In order to control the amount of work requred certain classes of type will or won't be implemented:

• No option unless in other gernerics e.g. Vec\. While having a base level Option could be a convenient way to reserve a key in a namespace, for the time being at least, base level Option namespaces wont be added.
• With hashmaps and other generic types that take multiple auguments you can have all manner of different combinations. So namespace hashmap implementations will probably be constrained to String or whatever other type is desired for the key and then the value types will be the other scalar and collection values offered by Mapage (sub-namespaces basically).
• Other generic collections such as: std::BTreeMap and std::HashSet may eventually be supported.
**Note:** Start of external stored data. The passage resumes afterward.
(* Let $\mathcal{P}=\{\xi\in\mathbb{R}^r: C\xi\le d\}$ be a compact polytope with $C\in\mathbb{R}^{q\times r}$ and $d\in\mathbb{R}^q$ with all entries strictly positive, and let $w\in\mathbb{R}^q$ have nonnegative entries with $C^\top\mathrm{diag}(1/d^1,\dots,1/d^q)(\mathds{1}+w)=0$. For $\delta\in(0,\min_i d^i]$ let $\hat{B}_{\mathcal{P}}(\xi)=\sum_{i=1}^q(1+w^i)\big(\hat{B}(-C^i\xi+d^i)+\ln d^i\big)$, where $\hat{B}(z)=-\ln z$ for $z>\delta$ and $\hat{B}(z)=\tfrac12[((z-2\delta)/\delta)^2-1]-\ln\delta$ for $z\le\delta$, and let $\bar{\beta}(\delta):=\min_{i\in\{1,\dots,q\},\,\xi\in\mathbb{R}^r}\{\hat{B}_{\mathcal{P}}(\xi): C^i\xi=d^i\}$. Then $\bar{\beta}(\cdot)$ is a continuous function of $\delta$, and for every such $\delta$ the sublevel set $\{\xi\in\mathbb{R}^r:\hat{B}_{\mathcal{P}}(\xi)\le\bar{\beta}(\delta)\}$ is contained in $\mathcal{P}$.
   Context: $C^i$ and $d^i$ denote the $i$-th row of $C$ and $i$-th entry of $d$; $\mathds{1}$ is the all-ones vector. The relaxation parameter $\delta$ enters $\hat{B}_{\mathcal{P}}$ through $\hat{B}$. *)

From HB Require Import structures.
From mathcomp Require Import all_boot all_order all_algebra.
From mathcomp Require Import all_classical all_reals all_analysis.
Set Implicit Arguments. Unset Strict Implicit. Unset Printing Implicit Defensive.
Import Order.TTheory GRing.Theory Num.Theory.
Import numFieldNormedType.Exports.
Local Open Scope classical_set_scope.
Local Open Scope ring_scope.

Definition polytope (R : realType) (q r : nat) (C : 'M[R]_(q, r)) (d : 'cV[R]_q)
  : set 'cV[R]_r := [set xi | forall i : 'I_q, (C *m xi) i 0 <= d i 0].

Definition Bhat (R : realType) (delta z : R) : R :=
  if delta < z then - ln z
  else 2^-1 * (((z - 2 * delta) / delta) ^+ 2 - 1) - ln delta.

Definition BhatP (R : realType) (q r : nat) (C : 'M[R]_(q, r)) (d w : 'cV[R]_q)
  (delta : R) (xi : 'cV[R]_r) : R :=
  \sum_(i < q) (1 + w i 0) * (Bhat delta (- (C *m xi) i 0 + d i 0) + ln (d i 0)).
(* Let $p>1$, $\alpha\in\mathbb{R}$, let $\psi_1$ and $h$ be as defined below. Then, as $s\to+\infty$: (i) $\displaystyle\frac{1}{\ln(\psi_1^2(s)+2)}=\frac{p-1}{2s}+\frac{\alpha(p-1)\ln s}{2s^2}+O\!\left(\frac1{s^2}\right)$; (ii) $\displaystyle h(s)=\frac1{p-1}\left[1-\frac{\alpha}{s}-\frac{\alpha^2\ln s}{s^2}\right]+O\!\left(\frac1{s^2}\right)$.
   Context: For $T>0$ let $\psi$ be the unique positive solution of $\psi'=\psi^p\ln^\alpha(\psi^2+2)$ with $\psi(t)\to+\infty$ as $t\to T$; set $\psi_1(s)=\psi(T-e^{-s})$ and $h(s)=e^{-s}\psi_1^{p-1}(s)\ln^\alpha(\psi_1^2(s)+2)$. *)

From Stdlib Require Import Reals Lra.
Open Scope R_scope.

Definition psi1 (psi : R -> R) (T s : R) : R := psi (T - exp (- s)).

Definition hfun (p alpha : R) (psi : R -> R) (T s : R) : R :=
  exp (- s) * Rpower (psi1 psi T s) (p - 1)
    * Rpower (ln (psi1 psi T s ^ 2 + 2)) alpha.

Definition bigO_infty (f g : R -> R) : Prop :=
  exists C M : R, forall s : R, M < s -> Rabs (f s) <= C * Rabs (g s).

(* Along the solution, T - t is the integral of 1 / F over [psi t, +oo), where
   F y = y^p ell(y)^alpha and ell y = ln (y^2 + 2).  Rather than evaluating it, we
   compare it with Phi_K y = y^(1-p) ell^(-alpha) (1/(p-1) + B/ell + K/ell^2),
   B = -2 alpha / (p-1)^2: for a suitable constant K the functions
   c |-> Phi_(+-K) (psi c) + c are monotone near T and tend to T, so that
   Phi_(-K) (psi t) <= T - t <= Phi_K (psi t).  At t = T - e^(-s) this reads
   h(s) = 1/(p-1) + B/ell + O(1/ell^2) with ell = ell(psi_1 s).  Taking logarithms,
   s = (p-1)/2 ell + alpha ln ell + ln (p-1) + O(1/ell); inverting this relation
   gives (i), and substituting (i) into the expansion of h gives (ii). *)

From Stdlib Require Import Reals Lra.
From Coquelicot Require Import Coquelicot.
Open Scope R_scope.

Lemma exp_le_exp x y : x <= y -> exp x <= exp y.
Proof. intros [lt | ->]; [left; apply exp_increasing, lt | right; reflexivity]. Qed.

Lemma ln_le_sub1 x : 0 < x -> ln x <= x - 1.
Proof. intros hx. pose proof (exp_ineq1_le (ln x)) as h. rewrite exp_ln in h; lra. Qed.

Lemma ln_le_affine c x : 0 < c -> 0 < x -> ln x <= c * x - ln c.
Proof.
  intros hc hx. pose proof (ln_le_sub1 (c * x) ltac:(nra)) as h.
  rewrite ln_mult in h by lra. lra.
Qed.

Lemma sqr_le_4exp v : 0 <= v -> v ^ 2 <= 4 * exp v.
Proof.
  intros hv. pose proof (exp_ineq1_le (v / 2)) as h.
  replace v with (v / 2 + v / 2) at 2 by field. rewrite exp_plus. nra.
Qed.

Lemma Rabs_ln_sub_le x y : 0 < y -> y / 2 <= x -> Rabs (ln x - ln y) <= 2 / y * Rabs (x - y).
Proof.
  intros hy hx. apply Rabs_le_between.
  pose proof (ln_le_sub1 (x / y) ltac:(apply Rdiv_lt_0_compat; lra)) as hxy.
  pose proof (ln_le_sub1 (y / x) ltac:(apply Rdiv_lt_0_compat; lra)) as hyx.
  rewrite ln_div in hxy, hyx by lra.
  pose proof (Rle_abs (x - y)) as hxy_abs. pose proof (Rle_abs (y - x)) as hyx_abs.
  rewrite Rabs_minus_sym in hyx_abs.
  assert (y / x - 1 <= 2 / y * Rabs (x - y)).
  { apply Rmult_le_reg_r with (x * y); [nra|].
    replace ((y / x - 1) * (x * y)) with ((y - x) * y) by (field; lra).
    replace (2 / y * Rabs (x - y) * (x * y)) with (2 * x * Rabs (x - y)) by (field; lra).
    nra. }
  assert (x / y - 1 <= 2 / y * Rabs (x - y)).
  { replace (x / y - 1) with ((x - y) / y) by (field; lra).
    unfold Rdiv. pose proof (Rinv_0_lt_compat y hy). nra. }
  lra.
Qed.

Lemma Rabs_ln_le_between x m M : 0 < m -> m <= x <= M -> Rabs (ln x) <= Rmax (ln M) (- ln m).
Proof.
  intros hm hx. apply Rabs_le_between_Rmax. split; apply ln_le; lra.
Qed.

Lemma log_dominated a b c : 0 < a -> 0 <= b ->
  exists L1, 1 <= L1 /\ forall L, L1 <= L -> b * ln L + c <= a * L.
Proof.
  intros ha hb. set (k := a / (2 * (b + 1))).
  assert (hk : 0 < k) by (apply Rdiv_lt_0_compat; lra).
  assert (hbk : b * k <= a / 2).
  { unfold k. apply Rmult_le_reg_r with (2 * (b + 1)); [lra|]. field_simplify; nra. }
  exists (Rmax 1 (2 * (b * Rabs (ln k) + Rabs c) / a)). split; [apply Rmax_l|].
  intros L hL. pose proof (Rmax_l 1 (2 * (b * Rabs (ln k) + Rabs c) / a)).
  pose proof (Rmax_r 1 (2 * (b * Rabs (ln k) + Rabs c) / a)).
  assert (hlin : b * ln L <= b * (k * L - ln k)) by (apply Rmult_le_compat_l, ln_le_affine; lra).
  assert (b * - ln k <= b * Rabs (ln k)) by (apply Rmult_le_compat_l; [lra | rewrite <- Rabs_Ropp; apply Rle_abs]).
  assert (b * Rabs (ln k) + Rabs c <= a / 2 * L).
  { apply Rmult_le_reg_r with (2 / a); [apply Rdiv_lt_0_compat; lra|].
    replace (a / 2 * L * (2 / a)) with L by (field; lra). unfold Rdiv in *. lra. }
  pose proof (Rle_abs c). nra.
Qed.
This project has come along way since its inception in mid-2022 as a Redis-like cache and it has a long way to go still. Please use with the understanding that this project is a work in progress,

Coding Style

The coding style of this project emphasises the use of white space over keeping the line and column counts low.

So this:

```rust fn foo() {

bar();

}

```

Not this:

```rust fn foo() { bar(); }

```

License

Licensed under either of:

• Apache License, Version 2.0, (LICENSE-APACHE or http://www.apache.org/licenses/LICENSE-2.0 (see also: https://www.tldrlegal.com/license/apache-license-2-0-apache-2-0))
• MIT license (LICENSE-MIT or http://opensource.org/licenses/MIT (see also: https://www.tldrlegal.com/license/mit-license))

at your discretion

Contributing

Please clone the repository and create an issue explaining what feature or features you'd like to add or bug or bugs you'd like to fix and perhaps how you intend to implement these additions or fixes. Try to include details though it doesn't need to be exhaustive and we'll take it from there (dependant on availability).

Unless you explicitly state otherwise, any contribution intentionally submitted for inclusion in the work by you, as defined in the Apache-2.0 license, shall be dual licensed as above, without any additional terms or conditions.